进入二月的北方已经度过了最冷冽的阶段,但稍暖的春季仍要再等上一段时间,这种渐暖偏寒的天气,陈奚予并不放心。
今年的寒冬太过漫长,她的妻子怕是适应不了这样的天气,但她已经答应了要带她回家,所以她只能时时刻刻地关注温舒畅的身体情况。
她的妻子身体不好,这两年,她一直在尽心尽力地照顾她。她的妻子身体娇嫩,热不得、冷不得,所以她挑了很久,决定夏季带着妻子去芬兰,冬天就在萨罗尼克湾这座小岛上居住,她的妻子胃口难定,动物肉不吃,苦的不吃,太辣的不吃,所以她一直学着去做各式各样的饭菜,这像是一种甜蜜的负担,但似乎并不能称作“负担”,因为她爱她,所以她不觉得累,反而为自己能照顾好爱人感到自得。
陈奚予想起去年许的愿望:希望自己做饭更好吃些。
但愿这样,妻子能顿顿多吃几口。
温舒畅对陈奚予的顾虑浑然不觉,她似乎没有感受到时隔两年回国自己与故乡的隔阂,心里只有倦鸟归巢的满足。
她们先回的璟院别墅,不知道是出于什么原因,陈奚予并没有第一时间带她回爸爸妈妈家。
对此,温舒畅心里有一点失落,不过只有一点点,听到陈奚予再过几天就回去的承诺后,那一点点失落立马烟消云散。

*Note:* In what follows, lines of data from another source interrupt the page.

(* For all integers $a,b\ge2$, the first Poisson cohomology $HP^1(\Lambda(a,b))$ (Poisson derivations modulo Hamiltonian derivations $\{\lambda,-\}$) is $2$-dimensional with basis the classes of $d_{1,0}$ and $d'_{0,1}$, where $d_{1,0}$ is the derivation with $d_{1,0}(X)=X$, $d_{1,0}(Y)=0$ and $d'_{0,1}$ is the derivation with $d'_{0,1}(X)=0$, $d'_{0,1}(Y)=Y$.
   Context: For integers $a,b\geq 2$, $\Lambda(a,b):=\mathbb C[X,Y]/(X^a,Y^b)$ with basis $X^iY^j$ ($0\le i\le a-1$, $0\le j\le b-1$) and Poisson bracket determined by $\{X,Y\}=XY$ (a skew-symmetric biderivation); equivalently $\{X^iY^j,X\}=-jX^{i+1}Y^j$, $\{X^iY^j,Y\}=iX^iY^{j+1}$. A Poisson derivation is a $\mathbb C$-linear derivation $d$ of $\Lambda(a,b)$ with $d\{f,g\}=\{df,g\}+\{f,dg\}$ for all $f,g$; Hamiltonian derivations are those of the form $\{\lambda,-\}$. $HP^1(\Lambda(a,b))$ is the quotient of Poisson derivations by Hamiltonian ones. *)

From HB Require Import structures.
From mathcomp Require Import all_boot all_order all_algebra.
Set Implicit Arguments. Unset Strict Implicit. Unset Printing Implicit Defensive.
Import Order.TTheory GRing.Theory Num.Theory.
Local Open Scope ring_scope.

(* Lambda(a,b) = C[X,Y]/(X^a,Y^b); an element f is encoded by the a x b matrix
   of its coefficients: f = \sum_(i<a, j<b) f i j X^i Y^j. *)
Definition Lam (C : numClosedFieldType) (a b : nat) := 'M[C]_(a, b).

Section Lambda.
Variables (C : numClosedFieldType) (a b : nat).

(* the monomial X^i Y^j (equal to 0 when i >= a or j >= b) *)
Definition mono (i j : nat) : Lam C a b :=
  \matrix_(k < a, l < b) ((k == i :> nat) && (l == j :> nat))%:R.

Definition varX : Lam C a b := mono 1 0.
Definition varY : Lam C a b := mono 0 1.

(* truncated product: X^i1 Y^j1 * X^i2 Y^j2 = X^(i1+i2) Y^(j1+j2) *)
Definition lmul (f g : Lam C a b) : Lam C a b :=
  \matrix_(i < a, j < b)
    \sum_(i1 < a) \sum_(j1 < b) \sum_(i2 < a) \sum_(j2 < b)
      if (((i1 + i2)%N == i :> nat) && ((j1 + j2)%N == j :> nat))
      then f i1 j1 * g i2 j2 else 0.

(* Poisson bracket determined by {X,Y} = XY (skew biderivation):
   {X^i1 Y^j1, X^i2 Y^j2} = (i1 j2 - j1 i2) X^(i1+i2) Y^(j1+j2). *)
Definition lbr (f g : Lam C a b) : Lam C a b :=
  \matrix_(i < a, j < b)
    \sum_(i1 < a) \sum_(j1 < b) \sum_(i2 < a) \sum_(j2 < b)
      if (((i1 + i2)%N == i :> nat) && ((j1 + j2)%N == j :> nat))
      then ((i1 * j2)%N%:R - (j1 * i2)%N%:R) * (f i1 j1 * g i2 j2) else 0.

Definition is_derivation (d : Lam C a b -> Lam C a b) : Prop :=
  (forall (c : C) (f g : Lam C a b), d (c *: f + g) = c *: d f + d g) /\
  (forall f g : Lam C a b, d (lmul f g) = lmul (d f) g + lmul f (d g)).

Definition is_poisson_derivation (d : Lam C a b -> Lam C a b) : Prop :=
  is_derivation d /\
  (forall f g : Lam C a b, d (lbr f g) = lbr (d f) g + lbr f (d g)).

Definition ham (lam : Lam C a b) : Lam C a b -> Lam C a b := fun f => lbr lam f.

(* d_{1,0} = X d/dX : X^i Y^j |-> i X^i Y^j ;  d'_{0,1} = Y d/dY : X^i Y^j |-> j X^i Y^j *)
Definition d10 (f : Lam C a b) : Lam C a b := \matrix_(i < a, j < b) (i%:R * f i j).
Definition d01 (f : Lam C a b) : Lam C a b := \matrix_(i < a, j < b) (j%:R * f i j).

End Lambda.

(* Both the product and the bracket of Lambda(a,b) are "twisted convolutions"
     conv w f g = sum w(i1,j1,i2,j2) f_(i1,j1) g_(i2,j2) X^(i1+i2) Y^(j1+j2),
   with weight w = 1 for the product and w = i1 j2 - j1 i2 for the bracket.

   Weighted Euler operators f |-> sum w(i,j) f_(i,j) X^i Y^j with w additive are
   derivations of every twisted convolution, hence Poisson derivations; d10 and
   d01 are of this form.  Hamiltonians {lam,-} are derivations, and a derivation
   is determined by its values on X and Y.

   Spanning: for a Poisson derivation d put p = dX, q = dY.  Applying d to
   XY = {X,Y} gives m' p_(m'+1,n') + n' q_(m',n'+1) = 0, and applying the
   Leibniz rule for powers to X^a = 0 and Y^b = 0 gives p_(0,l) = q_(k,0) = 0
   (characteristic 0).  These relations let us solve dX = alpha X + {lam,X} and
   dY = beta Y + {lam,Y} for an explicit lam, so d = alpha d10 + beta d01 + {lam,-}.
   Independence: {lam,X} has no X-coefficient and {lam,Y} no Y-coefficient, so
   alpha d10 + beta d01 = {lam,-} forces alpha = beta = 0. *)

From HB Require Import structures.
From mathcomp Require Import all_boot all_order all_algebra ring.
Set Implicit Arguments. Unset Strict Implicit. Unset Printing Implicit Defensive.
Import GRing.Theory Num.Theory.
Local Open Scope ring_scope.

Lemma insubd_succ n (k' k : 'I_n) : (k' + 1 = k)%N -> insubd k' k'.+1 = k.
Proof. by move=> Hk; apply: val_inj; rewrite val_insubd -[k'.+1]addn1 Hk ltn_ord. Qed.
(* Let $(K,\mathrm{val})$ be a $2$-henselian valued field whose residue class field $F$ has characteristic $\neq2$, let $A$ be a subring with $B\subseteq A\subseteq K$, $H=\mathrm{val}(A^\times)$, and let $\mathcal M,\mathcal N$ be quasi-quadratic modules in $A$. Write $M_g=M_g^A(\mathcal M)$, $N_g=M_g^A(\mathcal N)$. Then for every $g\in H\cup G_{\ge e}$: (1) $M_g^A(\mathcal M\cap\mathcal N)=M_g\cap N_g$; (2) $M_g^A(\mathcal M+\mathcal N)=F$ if there exists $h\in H\cup G_{\ge e}$ with $g\ge h$ and $M_h+N_h=F$, and $M_g^A(\mathcal M+\mathcal N)=M_g+N_g$ otherwise.
   Context: Let $(G,\le)$ be a totally ordered abelian group written multiplicatively with identity $e$; $G_{\ge e}=\{g\in G:g\ge e\}$, $G^2=\{g^2:g\in G\}$. Let $(K,\mathrm{val})$ be a valued field with surjective valuation $\mathrm{val}:K\to G\cup\{\infty\}$, valuation ring $B=\{x:\mathrm{val}(x)\ge e\}$, residue map $\pi:B\to F$, residue field $F$. A strict unit is $x\in B^\times$ with $\pi(x)=1$; when $\mathrm{char}F\ne2$, $2$-henselian is equivalent to every strict unit being a square in $K$. For a subring $A$ with $B\subseteq A\subseteq K$ put $H=\mathrm{val}(A^\times)$. For $g\in G$, $\overline g$ is its class in $G/G^2$. A quasi-quadratic module in a commutative ring $R$ is a subset $M\subseteq R$ with $M+M\subseteq M$ and $a^2M\subseteq M$ for all $a\in R$. A pseudo-angular component map is a map $\mathrm{p.an}:K^\times\to F^\times$ such that: (1) $\mathrm{p.an}(u)=\pi(u)$ for $u\in B^\times$; (2) $\mathrm{p.an}(ux)=\pi(u)\mathrm{p.an}(x)$ for $u\in B^\times,x\in K^\times$; (3) for all $g\in G$, $c\in F^\times$ there is $w\in K$ with $\mathrm{val}(w)=g$, $\mathrm{p.an}(w)=c$; (4) for nonzero $x_1,x_2$ with $x_1+x_2\ne0$: if $\mathrm{val}(x_1)<\mathrm{val}(x_2)$ then $\mathrm{p.an}(x_1+x_2)=\mathrm{p.an}(x_1)$; if $\mathrm{val}(x_1)=\mathrm{val}(x_2)$ and $\mathrm{p.an}(x_1)+\mathrm{p.an}(x_2)\ne0$ then $\mathrm{val}(x_1+x_2)=\mathrm{val}(x_1)$ and $\mathrm{p.an}(x_1+x_2)=\mathrm{p.an}(x_1)+\mathrm{p.an}(x_2)$; (5) if $x,y\in K^\times$, $\overline{\mathrm{val}(x)}=\overline{\mathrm{val}(y)}$ and $\mathrm{p.an}(x)=\mathrm{p.an}(y)$ then $y=u^2x$ for some $u\in K^\times$; (6) for $a,u\in K^\times$ there is $k\in F^\times$ with $\mathrm{p.an}(au^2)=\mathrm{p.an}(a)k^2$. Such a map exists under the hypotheses; fix one. For a quasi-quadratic module $\mathcal M$ in $A$ and $g\in G$: $M_g^A(\mathcal M)=\{\mathrm{p.an}(x):x\in\mathcal M\setminus\{0\},\ \mathrm{val}(x)=g\}\cup\{0\}$. *)

(* The value group G (written multiplicatively in the paper)
   is written ADDITIVELY here: identity e = 0, product = +, g^2 = g + g. *)
From HB Require Import structures.
From mathcomp Require Import all_boot all_order all_algebra.
Set Implicit Arguments. Unset Strict Implicit. Unset Printing Implicit Defensive.
Import GRing.Theory.
Local Open Scope ring_scope.

Section Defs.

Variable G : zmodType.
Variable le : G -> G -> Prop.

Definition is_ordered_group : Prop :=
  [/\ (forall g, le g g),
      (forall g h, le g h -> le h g -> g = h),
      (forall g h k, le g h -> le h k -> le g k),
      (forall g h, le g h \/ le h g) &
      (forall g h k, le g h -> le (g + k) (h + k))].

Definition lt (g h : G) : Prop := le g h /\ g <> h.

(* order on G u {oo}, with None = oo the top element *)
Definition ole (a b : option G) : Prop :=
  match a, b with
  | _, None => True
  | None, Some _ => False
  | Some g, Some h => le g h
  end.
Definition olt (a b : option G) : Prop := ole a b /\ a <> b.

Definition oadd (a b : option G) : option G :=
  match a, b with Some g, Some h => Some (g + h) | _, _ => None end.

Definition sqclass_eq (g h : G) : Prop := exists k, g - h = k + k.

Variable K : fieldType.
Variable val : K -> option G.

Definition is_valuation : Prop :=
  [/\ (forall x, val x = None <-> x = 0),
      (forall x y, val (x * y) = oadd (val x) (val y)),
      (forall x y g, ole (Some g) (val x) -> ole (Some g) (val y) ->
         ole (Some g) (val (x + y))) &   (* val(x+y) >= min(val x, val y) *)
      (forall g, exists x, val x = Some g)].

Definition inB (x : K) : Prop := ole (Some 0) (val x).
Definition unitB (x : K) : Prop := [/\ inB x, x != 0 & inB x^-1].

(* residue map pi : B -> F onto the residue field F (given as a total
   function on K; only its values on B matter) *)
Variable F : fieldType.
Variable pi : K -> F.

Definition is_residue_map : Prop :=
  [/\ pi 1 = 1,
      (forall x y, inB x -> inB y -> pi (x + y) = pi x + pi y),
      (forall x y, inB x -> inB y -> pi (x * y) = pi x * pi y),
      (forall x, inB x -> (pi x = 0 <-> olt (Some 0) (val x))) &
      (forall c, exists x, inB x /\ pi x = c)].

Definition strict_unit (x : K) : Prop := unitB x /\ pi x = 1.

(* 2-henselian, in the form valid when char F <> 2 (see context):
   every strict unit is a square in K *)
Definition two_henselian : Prop :=
  forall x, strict_unit x -> exists y, x = y ^+ 2.

Variable pan : K -> F.

Definition is_pseudo_angular : Prop :=
  (forall x, x != 0 -> pan x != 0) /\ [/\
      (forall u, unitB u -> pan u = pi u),                                (* (1) *)
      (forall u x, unitB u -> x != 0 -> pan (u * x) = pi u * pan x),      (* (2) *)
      (forall g c, c != 0 -> exists w, val w = Some g /\ pan w = c),      (* (3) *)
      (forall x1 x2, x1 != 0 -> x2 != 0 -> x1 + x2 != 0 ->                (* (4) *)
         (olt (val x1) (val x2) -> pan (x1 + x2) = pan x1) /\
         (val x1 = val x2 -> pan x1 + pan x2 != 0 ->
            val (x1 + x2) = val x1 /\ pan (x1 + x2) = pan x1 + pan x2)) &
      (forall x y g h, x != 0 -> y != 0 -> val x = Some g -> val y = Some h -> (* (5) *)
         sqclass_eq g h -> pan x = pan y -> exists u, u != 0 /\ y = u ^+ 2 * x)] /\
      (forall a u, a != 0 -> u != 0 ->                                    (* (6) *)
         exists k, k != 0 /\ pan (a * u ^+ 2) = pan a * k ^+ 2).

Variable A : K -> Prop.

Definition is_overring : Prop :=
  A 0 /\ [/\ A 1,
      (forall x y, A x -> A y -> A (x + y)),
      (forall x, A x -> A (- x)),
      (forall x y, A x -> A y -> A (x * y)) &
      (forall x, inB x -> A x)].

Definition inH (g : G) : Prop :=
  exists a, [/\ A a, a != 0, A a^-1 & val a = Some g].

(* quasi-quadratic module in A (taken nonempty) *)
Definition quasi_quadratic (M : K -> Prop) : Prop :=
  [/\ (forall x, M x -> A x),
      (exists x, M x),
      (forall x y, M x -> M y -> M (x + y)) &
      (forall a x, A a -> M x -> M (a ^+ 2 * x))].
Definition out_rate (dN : R) (r : S -> S -> R) (eta : config) : R :=
  \sum_(a : S) \sum_(b : S | b != a) rate dN r eta a b.

Definition inE_A (N : nat) (A : {set S}) (eta : config) : bool :=
  [exists z in A, eta == xi N z].

(* hitp n eta = P_eta[ the jump chain first enters E_N(A) at step n,
   and does so at xi_N^w ]. *)
Fixpoint hitp (dN : R) (r : S -> S -> R) (N : nat) (A : {set S}) (w : S)
    (n : nat) (eta : config) : R :=
  match n with
  | 0%N => if eta == xi N w then 1 else 0
  | n'.+1 =>
      if inE_A N A eta then 0
      else \sum_(a : S) \sum_(b : S | b != a)
             (rate dN r eta a b / out_rate dN r eta) *
             hitp dN r N A w n' (sigma a b eta)
  end.

(* P_eta[E_0] = P_eta[ tau_{E_N^w} = tau_{E_N(A)} ] for the inclusion process
   with parameter d_N = dN, computed as the sum over the (a.s. finite) step at
   which E_N(A) is first hit (the event only depends on the embedded jump chain). *)
Definition probE0 (dN : R) (r : S -> S -> R) (N : nat) (A : {set S}) (w : S)
    (eta : config) : R :=
  limn (series (fun n => hitp dN r N A w n eta)).

End Inclusion.

From HB Require Import structures.
From mathcomp Require Import all_boot all_order all_algebra.
From mathcomp Require Import all_classical all_reals all_analysis.
From mathcomp Require Import ring lra zify.
Set Implicit Arguments. Unset Strict Implicit. Unset Printing Implicit Defensive.
Import Order.TTheory GRing.Theory Num.Theory.
Import numFieldNormedType.Exports.
Local Open Scope classical_set_scope.
Local Open Scope ring_scope.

虽然已经有两年没回来了,但是这里仍然窗明几净,不染纤尘,大概是陈奚予让人定期打扫的原因。
看着锃明瓦亮的落地窗,温舒畅没忍住,食指按在上面上下揉擦,由于阻力的原因,发出一阵阵干涩的摩擦声。
确认家里是真的很干净,温舒畅去缠在厨房做饭的陈奚予。
“奚予,我们在这里多住一段时间好不好?”
“好啊,想在这里待多久?”
“我们待到夏天吧,可以吗?”
“当然可以了。”
“哎呀奚予,就知道你最好了!”
温舒畅在旁边轻轻拽着陈奚予的衣服下摆,陈奚予被她逗得哑然失笑。
她放下手里的菜刀,拿过擦巾擦了擦手,把擦巾放回原位后,一把把温舒畅拽进自己怀里,下巴蹭着她头顶柔顺的头发。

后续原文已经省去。